[Data entries]
========

Lemma setX_of_shift_closed t l (S : {set 'I_t * 'I_l}) :
  (forall i (p q : 'I_l), (p : nat).+1 = q -> ((i, p) \in S) = ((i, q) \in S)) ->
  S = setX (fst @: S) setT.
Proof.
move=> shift.
have shift_by i n (p q : 'I_l) : p + n = q :> nat -> ((i, p) \in S) = ((i, q) \in S).
  elim: n q => [|n IH] q; first by rewrite addn0 => /val_inj->.
  move=> pnq; have pn_lt : p + n < l by have := ltn_ord q; lia.
  by rewrite (IH (Ordinal pn_lt)) // (shift _ _ q) //= -pnq addnS.
have any_position i (p q : 'I_l) : ((i, p) \in S) = ((i, q) \in S).
  have [pq|qp] := leqP p q; first by apply: (shift_by i (q - p)); rewrite subnKC.
  by symmetry; apply: (shift_by i (p - q)); rewrite subnKC // ltnW.
apply/setP=> -[i p]; rewrite in_setX in_setT andbT; apply/idP/imsetP.
  by move=> ipS; exists (i, p).
by case=> -[j q] jqS /= ->; rewrite (any_position j p q).
Qed.

Definition prevs t (I : {set 'I_t}) (i : 'I_t) := [set j in I | (j : nat).+1 == i].

Lemma card_prevs_le1 t (I : {set 'I_t}) i : #|prevs I i| <= 1.
Proof.
apply/card_le1_eqP => j1 j2; rewrite !inE => /andP[_ /eqP h1] /andP[_ /eqP h2].
by apply: val_inj => /=; lia.
Qed.

Lemma sum_prevs_lt t (I : {set 'I_t}) : I != set0 -> \sum_(i in I) #|prevs I i| < #|I|.
Proof.
case/set0Pn=> i0 i0I; have [m mI mmin] := @arg_minnP _ i0 (mem I) val i0I.
have {}mI : m \in I := mI.
rewrite (big_setD1 m mI) (cardsD1 m I) mI.
have -> : prevs I m = set0.
  apply/setP=> j; rewrite !inE; apply/negbTE/andP => -[jI /eqP jm].
  by have := mmin j jI; rewrite /= -jm ltnn.
rewrite cards0 /= add0n add1n ltnS -sum1_card.
by apply: leq_sum => i _; apply: card_prevs_le1.
Qed.

Lemma sum_prevs_setT t : \sum_(i in [set: 'I_t]) #|prevs [set: 'I_t] i| = t.-1.
Proof.
rewrite (eq_bigl xpredT) => [|i]; last by rewrite inE.
case: t => [|t]; first by rewrite big_ord0.
rewrite big_ord_recl /=.
have -> : prevs [set: 'I_t.+1] ord0 = set0 by apply/setP=> j; rewrite !inE.
rewrite cards0 add0n -[RHS](card_ord t) -sum1_card.
apply: eq_bigr => i _; apply/eqP; rewrite eqn_leq card_prevs_le1 card_gt0.
by apply/set0Pn; exists (widen_ord (leqnSn t) i); rewrite !inE /= /bump leq0n add1n.
Qed.

Local Open Scope ring_scope.

Lemma clique_union_density_le (t k l A B P : nat) :
  (1 <= k <= t)%N -> (2 <= l)%N -> (P <= k.-1)%N -> (A * 2 = l * l.-1)%N -> (l <= B * 2)%N ->
  (k * A + P * B)%:R / (k * l).-1%:R <= (t * A + t.-1 * B)%:R / (t * l).-1%:R :> rat.
Proof.
move=> /andP[k_ge1 kt] l_ge2 Pk A2 lB.
have pred_mulE m : (0 < m)%N -> (m * l).-1%:R = m%:R * l%:R - 1 :> rat.
  by move=> m_gt0; rewrite -subn1 natrB ?natrM // muln_gt0 m_gt0; lia.
have t_gt0 : (0 < t)%N by lia.
have den_gt0 m : (0 < m)%N -> 0 < (m * l).-1%:R :> rat.
  by move=> m_gt0; rewrite ltr0n; nia.
rewrite ler_pdivrMr ?den_gt0 // mulrAC ler_pdivlMr ?den_gt0 //.
rewrite !pred_mulE // -!subn1 !natrD !natrM !natrB //.
have A2' : A%:R * 2 = l%:R * (l%:R - 1) :> rat.
  by have := congr1 (fun n => n%:R : rat) A2; rewrite /= !natrM -subn1 natrB //; lia.
have lB' : l%:R <= B%:R * 2 :> rat by rewrite -(natrM _ B 2) ler_nat.
have Pk' : P%:R <= k%:R - 1 :> rat by rewrite -[1]/(1%:R) -natrB // ler_nat; lia.
have kt' : k%:R <= t%:R :> rat by rewrite ler_nat.
have l_ge2' : 2 <= l%:R :> rat by rewrite ler_nat.
have k_ge1' : 1 <= k%:R :> rat by rewrite ler1n.
have slack : 0 <= (l%:R - 1) * B%:R - A%:R :> rat.
  have : 0 <= (l%:R - 1) * (B%:R * 2 - l%:R) :> rat by apply: mulr_ge0; lra.
  suff -> : (l%:R - 1) * (B%:R * 2 - l%:R) = ((l%:R - 1) * B%:R - A%:R) * 2 :> rat by lra.
  by rewrite [RHS]mulrBl A2'; ring.
have fewer_bridges :
    P%:R * B%:R * (t%:R * l%:R - 1) <= (k%:R - 1) * B%:R * (t%:R * l%:R - 1) :> rat.
  by rewrite ler_wpM2r ?ler_wpM2r //; nra.
have gap : (t%:R * A%:R + (t%:R - 1) * B%:R) * (k%:R * l%:R - 1)
    - (k%:R * A%:R + (k%:R - 1) * B%:R) * (t%:R * l%:R - 1)
  = (t%:R - k%:R) * ((l%:R - 1) * B%:R - A%:R) :> rat by ring.
have : 0 <= (t%:R - k%:R) * ((l%:R - 1) * B%:R - A%:R) :> rat by apply: mulr_ge0; lra.
rewrite -gap; lra.
Qed.

Local Close Scope ring_scope.

Section Braid.
Variables t l r : nat.
Local Notation vertex := ('I_t * 'I_l)%type.
Local Notation adj := (braid_adj l r t).

Lemma braid_adjE (x y : vertex) : adj x y =
  [|| (x.1 == y.1 :> nat) && (x.2 != y.2 :> nat),
      ((x.1 : nat).+1 == y.1) && (y.2 + l <= x.2 + r)
    | ((y.1 : nat).+1 == x.1) && (x.2 + l <= y.2 + r)].
Proof. by []. Qed.

Lemma braid_adjC : symmetric adj.
Proof. by move=> x y; rewrite !braid_adjE; lia. Qed.

Lemma braid_adj_irr : irreflexive adj.
Proof. by move=> x; rewrite braid_adjE; lia. Qed.

Lemma vertex_eqE (x y : vertex) : (x == y) = (x.1 == y.1 :> nat) && (x.2 == y.2 :> nat).
Proof. by case: x y => [a b] [c d]; rewrite xpair_eqE. Qed.

Lemma braid_lost_neighbour (z z' u : vertex) :
  z.1 = z'.1 -> u != z -> adj z' u -> ~~ adj z u ->
  ((u.1 : nat) = (z.1 : nat).+1 /\ z.2 + r < u.2 + l <= z'.2 + r) \/
  ((u.1 : nat).+1 = z.1 /\ u.2 + r < z.2 + l /\ z'.2 + l <= u.2 + r).
Proof.
move=> /(congr1 (@nat_of_ord t)) zz'; rewrite vertex_eqE !braid_adjE; lia.
Qed.

Lemma braid_lost_neighbour_unique (z z' u1 u2 : vertex) :
  z.1 = z'.1 -> (z.2 : nat).+1 = z'.2 \/ (z'.2 : nat).+1 = z.2 ->
  u1 != z -> u2 != z -> adj z' u1 -> ~~ adj z u1 -> adj z' u2 -> ~~ adj z u2 ->
  u1 = u2.
Proof.
move=> zz' zz'_next u1z u2z a1 n1 a2 n2.
have := braid_lost_neighbour zz' u1z a1 n1; have := braid_lost_neighbour zz' u2z a2 n2.
by move=> lost2 lost1; apply/eqP; rewrite vertex_eqE; lia.
Qed.

Lemma braid_nbhd_shift (S : {set vertex}) (z z' : vertex) :
  z' \in S -> z \notin S -> z.1 = z'.1 -> (z.2 : nat).+1 = z'.2 \/ (z'.2 : nat).+1 = z.2 ->
  #|nbhd adj (S :\ z') z'| <= #|nbhd adj S z|.
Proof.
move=> z'S zS zz' zz'_next.
set lost := [set u in nbhd adj (S :\ z') z' | ~~ adj z u].
have lost_le1 : #|lost| <= 1.
  apply/card_le1_eqP => u1 u2; rewrite !inE.
  move=> /andP[/andP[/andP[_ u1S] a1] n1] /andP[/andP[/andP[_ u2S] a2] n2].
  have uz u : u \in S -> u != z by apply: contraTneq => ->.
  exact: (braid_lost_neighbour_unique zz' zz'_next (uz _ u2S) (uz _ u1S) a2 n2 a1 n1).
have z'_nbhd : z' \in nbhd adj S z.
  by rewrite inE z'S braid_adjE; move/(congr1 (@nat_of_ord t)): zz'; lia.
have sub : nbhd adj (S :\ z') z' \subset (nbhd adj S z :\ z') :|: lost.
  apply/subsetP => u; rewrite !inE => /andP[/andP[uz' uS] a].
  by case: (boolP (adj z u)) => H; rewrite ?uz' ?uS ?a ?H.
apply: leq_trans (subset_leq_card sub) _; rewrite cardsU (cardsD1 z' (nbhd _ _ _)) z'_nbhd.
by move: lost_le1; lia.
Qed.

Definition clique_key (v : vertex) := v.1 * l + v.2.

========

ASSIGNMENT:
Among the entries above, copy exactly only the lines starting with the one containing "apply/card_le1_eqP => u1 u2; rewrite !inE." and going through the one containing "exact: (braid_lost_neighbour_unique zz'", both ends included.

EXERCISE OUTPUT:
  apply/card_le1_eqP => u1 u2; rewrite !inE.
  move=> /andP[/andP[/andP[_ u1S] a1] n1] /andP[/andP[/andP[_ u2S] a2] n2].
  have uz u : u \in S -> u != z by apply: contraTneq => ->.
  exact: (braid_lost_neighbour_unique zz' zz'_next (uz _ u2S) (uz _ u1S) a2 n2 a1 n1).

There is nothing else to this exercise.